Posts Tagged ‘Gerard ‘t Hooft’
The physical minimum
When you’re entering a new field, or even after you’ve been there for a while, you eventually need to decide how much to specialize. We’re at a moment in history in which it’s impossible for any one person to know everything about his or her profession, and the most meaningful work tends to occur when we drill down deeply at one particular point. Yet somehow we need to remain generalists, too, if we’re going to have the insight and perspective to use what we find. In his Nobel Prize lecture, the physicist Vitaly Ginzburg summed up this predicament:
In the recent past it was possible to be guided by the requirement “to know something about everything and to know everything about something”…but now, it seems to me, this is no longer possible. At the same time, I am startled and dispirited when young physicists (and sometimes not so young ones) restrict themselves to the knowledge in “their” area and are not informed, if only in a general way, about the state of physics as a whole and its “hottest” areas…It is possible, on the basis of theoretical physics studied in one’s student days, to understand all modern physics, or, more precisely, to understand how matters stand everywhere in physics and be aware of the situation. Every physicist…should simultaneously know, apart from theoretical physics, a wealth of facts from different branches of physics and be familiar with the newest notable accomplishments.

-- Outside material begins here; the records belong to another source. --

Lemma isB_cscale c f : isB d f -> isB d (cscale c f).
Proof.
move=> [g [ok_g [Bv Bh]]].
exists (fun i r => c *: g i r); split; [|split] => [i r hr | i r hr | a r hr] /=.
- case/andP: (ok_g i r hr) => ? ?.
  by rewrite /hom_ok -!scalemxAr !scalemx_sub.
- by rewrite -scalemxAr -scalemxAl -!scalerBr -scalemxAr scalemx_sub //; apply: Bv.
- by rewrite -scalemxAr -scalemxAl -!scalerBr -scalemxAr scalemx_sub //; apply: Bh.
Qed.

End Coboundaries.

Lemma is_submod_adds Q str d (M : sqmod Q str) (V V' : forall i r, 'M[K]_(sdim M i r)) :
  is_submod d M V -> is_submod d M V' ->
  is_submod d M (fun i r => (V i r + V' i r)%MS).
Proof.
move=> [Vv Vh] [Vv' Vh']; split=> *; rewrite addsmxMr addsmxS //.
- exact: Vv. - exact: Vv'. - exact: Vh. - exact: Vh'.
Qed.

Lemma is_submod_cap Q str d (M : sqmod Q str) (V V' : forall i r, 'M[K]_(sdim M i r)) :
  is_submod d M V -> is_submod d M V' ->
  is_submod d M (fun i r => (V i r :&: V' i r)%MS).
Proof.
move=> [Vv Vh] [Vv' Vh']; split=> *; rewrite sub_capmx; apply/andP; split.
- exact: submx_trans (submxMr _ (capmxSl _ _)) (Vv _ _ _).
- exact: submx_trans (submxMr _ (capmxSr _ _)) (Vv' _ _ _).
- exact: submx_trans (submxMr _ (capmxSl _ _)) (Vh _ _ _).
- exact: submx_trans (submxMr _ (capmxSr _ _)) (Vh' _ _ _).
Qed.

Lemma is_submod_Phi_mono Q str d (Y : qrep Q) (V : forall i (r : nat), 'M[K]_(qdim Y i)) :
  is_submod d (Phi str Y) V ->
  forall i r s, (r <= s < d)%N -> (V i r <= V i s)%MS.
Proof.
move=> [Vv _] i r s /andP[]; elim: s => [|s IH]; first by rewrite leqn0 => /eqP->.
rewrite leq_eqVlt => /orP[/eqP-> // | lt_rs] lt_sd.
apply: submx_trans (IH lt_rs (ltnW lt_sd)) _.
by have := Vv i s lt_sd; rewrite /= mulmx1.
Qed.
(* Let $n\ge2$, let $\mathbb S^n\subset\mathbb R^{n+1}$ be the unit sphere and fix $p\in\mathbb S^n$. Let $a\in C^0([0,\infty))\cap C^\infty((0,\infty))$ satisfy $a(0)=0$, $a(t)=\dfrac{\sin(\log(\log(e/t)))}{1+\log(\log(e/t))}$ for $t\in(0,1]$, and $a(t)=0$ for $t\ge3/2$. Define $\phi:\mathbb S^n\to\mathbb R^{n+1}$ by $\phi(x)=\big(1+\tfrac12 a(|x-p|)\big)x$ and $Y=\phi(\mathbb S^n)$ (note $p\in Y$). If $k\geq 1$ and $f:\mathbb S^k\to Y$ is Lipschitz continuous (with respect to the Euclidean metric on $Y\subset\mathbb R^{n+1}$), then either $f(\mathbb S^k)=\{p\}$ or $p\notin f(\mathbb S^k)$. *)

From HB Require Import structures.
From mathcomp Require Import all_boot all_order all_algebra.
From mathcomp Require Import all_classical all_reals all_analysis.
Set Implicit Arguments. Unset Strict Implicit. Unset Printing Implicit Defensive.
Import Order.TTheory GRing.Theory Num.Theory.
Local Open Scope ring_scope.

Definition enorm {R : realType} {m : nat} (x : 'rV[R]_m) : R :=
  Num.sqrt (\sum_(i < m) (x ord0 i) ^+ 2).

(* The unit sphere S^(m-1) in R^m (so S^n = unit_sphere (n.+1)). *)
Definition unit_sphere {R : realType} {m : nat} : set 'rV[R]_m :=
  [set x | enorm x = 1].

Definition smooth_pos {R : realType} (a : R -> R) : Prop :=
  forall (k : nat) (t : R), 0 < t -> derivable (derive1n k a) t 1.

Definition phi_map {R : realType} {m : nat} (a : R -> R) (p x : 'rV[R]_m)
  : 'rV[R]_m := (1 + a (enorm (x - p)) / 2) *: x.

So how do we keep ourselves properly informed about a field that is too complex to grasp in its entirety? We perform a kind of triage, as Ginzburg advises, and focus on the “hottest” areas—the places where important work all but begs to be done in our lifetimes. More specifically, we can make a list. As Ginzburg notes:
At the same time, we in Russia like to quote a certain Kozma Prutkov, a fictitious character, who said pompously, in particular, that “there is no way of comprehending the incomprehensible.” So one has to choose something. And so I took this path: I have made a “list” of the top problems of the day. Any such “list” is admittedly subjective. It is also clear that the “list” should vary with time. Lastly, it is clear that subjects not included in the “list” can in no way be regarded as unimportant or uninteresting…I only suggest some enumeration of the questions that, in my view, every physicist should have at least a superficial idea of. Supposedly less trivial is the statement that this is not as difficult as it might seem at first glance. The time to be spent for this purpose is, I believe, no longer than the time a good student spends preparing for an examination, say, on electrodynamics. Acquaintance with all subjects included in this “list” is what I call the “physical minimum.”
Ginzburg goes on to provide an annotated list of thirty subjects in physics, from “controlled nuclear fusion” to “neutrino physics and astronomy.” (Note that this is a list of problems, not of topics for basic education. For the latter kind of list, Gerard ’t Hooft, another Nobel laureate whom I quoted recently on the subject of how to become a bad theoretical physicist, provides a useful one here.)
And this strategy is worth following no matter what your field happens to be. (As Ginzburg says: “Naturally, this equally applies to other specialties, but I restrict myself to physicists for definitiveness.”) We can’t know everything about it, but we can prioritize, putting together a list of active problems that might benefit from new approaches, and making a point of learning enough about them to recognize any useful ideas on which we happen to stumble. Even the act of writing up the list itself has a way of directing your attention onto what actually matters. When you’re preoccupied solely with what is in front of you, it’s easy to forget about the big issues that your discipline as a whole is confronting. And even if you’re mostly aware of the top ten unsolved problems in your profession, it can be enlightening to extend the list to thirty, as Ginzburg does: there may be something to which you can contribute two-thirds of the way down, which is still pretty high. Obviously, this technique can also be applied on a smaller scale—you can list the problems that present themselves in your current project, your job, or your personal life, and make sure that they’re constantly before your eyes. But it also makes sense to aim as high as possible. There’s a huge incentive in every field to turn ourselves into what Hilaire Belloc memorably called “masters of the earthworm,” in which we spend a lifetime focusing on the one tiny corner that we can claim for our own. And it’s probably necessary. But an awareness of the larger problems is what allows us to select the most promising slice of territory.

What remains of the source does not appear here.